Section delta_method.
Context d (T : measurableType d) (R : realType) (P : probability T R).
Local Notation L2 := (Lfun P 2%:E).
Implicit Types (X Y Z : T -> R) (a k : R).

Lemma control_variateE X Y a k :
  (fun t => X t + a * (k - Y t)) = X \+ a \o* (cst k \- Y).
Proof. by apply/funext => t /=; rewrite mulrC. Qed.

Lemma Lfun2_control_variate X Y a k : X \in L2 -> Y \in L2 ->
  (fun t => X t + a * (k - Y t)) \in L2.
Proof. by move=> X2 Y2; rewrite control_variateE Lfun2D ?Lfun2Z ?Lfun2B ?Lfun_cst. Qed.

Lemma Ex_control_variate X Y a : X \in Lfun P 1 -> Y \in Lfun P 1 ->
  Ex P (fun t => X t + a * (Ex P Y - Y t)) = Ex P X.
Proof.
move=> X1 Y1; have cY1 : cst (Ex P Y) \- Y \in Lfun P 1 by rewrite rpredB// Lfun_cst.
rewrite control_variateE /Ex expectationD ?Lfun_scale// expectationZl//.
rewrite expectationB ?Lfun_cst// expectation_cst.
by rewrite fineK ?subee ?expectation_fin_num// mule0 adde0.
Qed.

Lemma Phi_VarE X Z : X \in L2 -> Z \in L2 ->
  Phi P X Z = Var P (X \- (Ex P X / Ex P Z) \o* Z) / Ex P Z ^+ 2.
Proof.
move=> X2 Z2; rewrite VarB ?Lfun2Z// VarZ// CovZr// /Phi.
have [->|EZ0] := eqVneq (Ex P Z) 0; last by field.
by rewrite !(expr0n, invr0, mulr0, mul0r, addr0, subr0).
Qed.

Lemma Phi_control_variates A B C D a b :
  A \in L2 -> B \in L2 -> C \in L2 -> D \in L2 ->
  Phi P (fun t => A t + a * (Ex P B - B t)) (fun t => C t + b * (Ex P D - D t)) =
  Var P (A \- a \o* B \- (Ex P A / Ex P C) \o* (C \- b \o* D)) / Ex P C ^+ 2.
Proof.
move=> A2 B2 C2 D2.
rewrite Phi_VarE ?Lfun2_control_variate// !Ex_control_variate ?Lfun2_Lfun1//.
set r := Ex P A / Ex P C.
congr (_ / _); rewrite -[RHS](Var_cst_add (a * Ex P B - r * (b * Ex P D))).
  by congr (Var P _); apply/funext => t /=; ring.
by rewrite !Lfun2B ?Lfun2Z ?Lfun2B ?Lfun2Z.
Qed.

Lemma Var_regression_residual U B D a g :
  U \in L2 -> B \in L2 -> D \in L2 ->
  Var P B * Var P D - Cov P B D ^+ 2 != 0 ->
  a * Var P B + g * Cov P B D = Cov P U B ->
  a * Cov P B D + g * Var P D = Cov P U D ->
  Var P (U \- a \o* B \- g \o* D) =
  Var P U - Var P (Cov P U D \o* B \- Cov P U B \o* D) /
            (Var P B * Var P D - Cov P B D ^+ 2).
Proof.
move=> U2 B2 D2 den0 normalB normalD.
have aB2 : a \o* B \in L2 by exact: Lfun2Z.
have gD2 : g \o* D \in L2 by exact: Lfun2Z.
rewrite VarB ?Lfun2B// VarB// CovBl// !VarZ// !CovZr// CovZl//.
rewrite VarB ?Lfun2Z// !VarZ// CovZl ?Lfun2Z// CovZr// -normalB -normalD.
by field.
Qed.

Lemma Phi_optimal_control_variates A B C D :
  A \in L2 -> B \in L2 -> C \in L2 -> D \in L2 -> Ex P A != 0 -> Ex P C != 0 ->
  0 < Var P B * Var P D - Cov P B D ^+ 2 ->
  let r := Ex P A / Ex P C in
  let den := Var P B * Var P D - Cov P B D ^+ 2 in
  let alpha_o := (Var P D * Cov P A B - r * Var P D * Cov P B C
                  + r * Cov P B D * Cov P C D - Cov P B D * Cov P A D) / den in
  let beta_o := (Cov P B D * Cov P A B - r * Cov P B D * Cov P B C
                 + r * Var P B * Cov P C D - Var P B * Cov P A D) / (r * den) in
  let W := fun t => (r * Cov P B C - Cov P A B) * D t
                    - (r * Cov P C D - Cov P A D) * B t in
  Phi P (fun t => A t + alpha_o * (Ex P B - B t)) (fun t => C t + beta_o * (Ex P D - D t))
  - Phi P A C = - (Var P W / den) / Ex P C ^+ 2.
Proof.
move=> A2 B2 C2 D2 EA0 EC0 den_gt0 r den alpha_o beta_o W.
pose U := A \- r \o* C.
have U2 : U \in L2 by rewrite Lfun2B ?Lfun2Z.
have CovUB : Cov P U B = Cov P A B - r * Cov P B C.
  by rewrite CovBl ?Lfun2Z// CovZl// (CovC P C).
have CovUD : Cov P U D = Cov P A D - r * Cov P C D by rewrite CovBl ?Lfun2Z// CovZl.
have r0 : r != 0 by rewrite mulf_neq0 ?invr_eq0.
have normalB : alpha_o * Var P B + (- (r * beta_o)) * Cov P B D = Cov P U B.
  by rewrite CovUB /alpha_o /beta_o /den; field; rewrite r0 gt_eqF.
have normalD : alpha_o * Cov P B D + (- (r * beta_o)) * Var P D = Cov P U D.
  by rewrite CovUD /alpha_o /beta_o /den; field; rewrite r0 gt_eqF.
have -> : W = Cov P U D \o* B \- Cov P U B \o* D.
  by apply/funext => t /=; rewrite CovUB CovUD /W; ring.
rewrite Phi_control_variates// Phi_VarE//.
have -> : A \- alpha_o \o* B \- r \o* (C \- beta_o \o* D) =
          U \- alpha_o \o* B \- (- (r * beta_o)) \o* D.
  by apply/funext => t; rewrite /U /=; ring.
rewrite Var_regression_residual ?gt_eqF// -/r -/U -/den.
by field; rewrite EC0 gt_eqF.
Qed.

End delta_method.

Section same_law.
Local Open Scope ereal_scope.
Context d (T : measurableType d) (R : realType) (P : probability T R).
Context d' (S : measurableType d').

Definition same_law (X Y : T -> S) :=
  forall A, measurable A -> P (X @^-1` A) = P (Y @^-1` A).

Variables (X Y : T -> S) (mX : measurable_fun setT X) (mY : measurable_fun setT Y).
Hypothesis XY : same_law X Y.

## Assignment
In the data above, find the line that contains "Lemma control_variateE X" and the line that contains "set r := Ex P A / Ex P C.". Repeat exactly those lines and every line between them, and only those.

## Exercise output
Lemma control_variateE X Y a k :
  (fun t => X t + a * (k - Y t)) = X \+ a \o* (cst k \- Y).
Proof. by apply/funext => t /=; rewrite mulrC. Qed.

Lemma Lfun2_control_variate X Y a k : X \in L2 -> Y \in L2 ->
  (fun t => X t + a * (k - Y t)) \in L2.
Proof. by move=> X2 Y2; rewrite control_variateE Lfun2D ?Lfun2Z ?Lfun2B ?Lfun_cst. Qed.

Lemma Ex_control_variate X Y a : X \in Lfun P 1 -> Y \in Lfun P 1 ->
  Ex P (fun t => X t + a * (Ex P Y - Y t)) = Ex P X.
Proof.
move=> X1 Y1; have cY1 : cst (Ex P Y) \- Y \in Lfun P 1 by rewrite rpredB// Lfun_cst.
rewrite control_variateE /Ex expectationD ?Lfun_scale// expectationZl//.
rewrite expectationB ?Lfun_cst// expectation_cst.
by rewrite fineK ?subee ?expectation_fin_num// mule0 adde0.
Qed.

Lemma Phi_VarE X Z : X \in L2 -> Z \in L2 ->
  Phi P X Z = Var P (X \- (Ex P X / Ex P Z) \o* Z) / Ex P Z ^+ 2.
Proof.
move=> X2 Z2; rewrite VarB ?Lfun2Z// VarZ// CovZr// /Phi.
have [->|EZ0] := eqVneq (Ex P Z) 0; last by field.
by rewrite !(expr0n, invr0, mulr0, mul0r, addr0, subr0).
Qed.

Lemma Phi_control_variates A B C D a b :
  A \in L2 -> B \in L2 -> C \in L2 -> D \in L2 ->
  Phi P (fun t => A t + a * (Ex P B - B t)) (fun t => C t + b * (Ex P D - D t)) =
  Var P (A \- a \o* B \- (Ex P A / Ex P C) \o* (C \- b \o* D)) / Ex P C ^+ 2.
Proof.
move=> A2 B2 C2 D2.
rewrite Phi_VarE ?Lfun2_control_variate// !Ex_control_variate ?Lfun2_Lfun1//.
set r := Ex P A / Ex P C.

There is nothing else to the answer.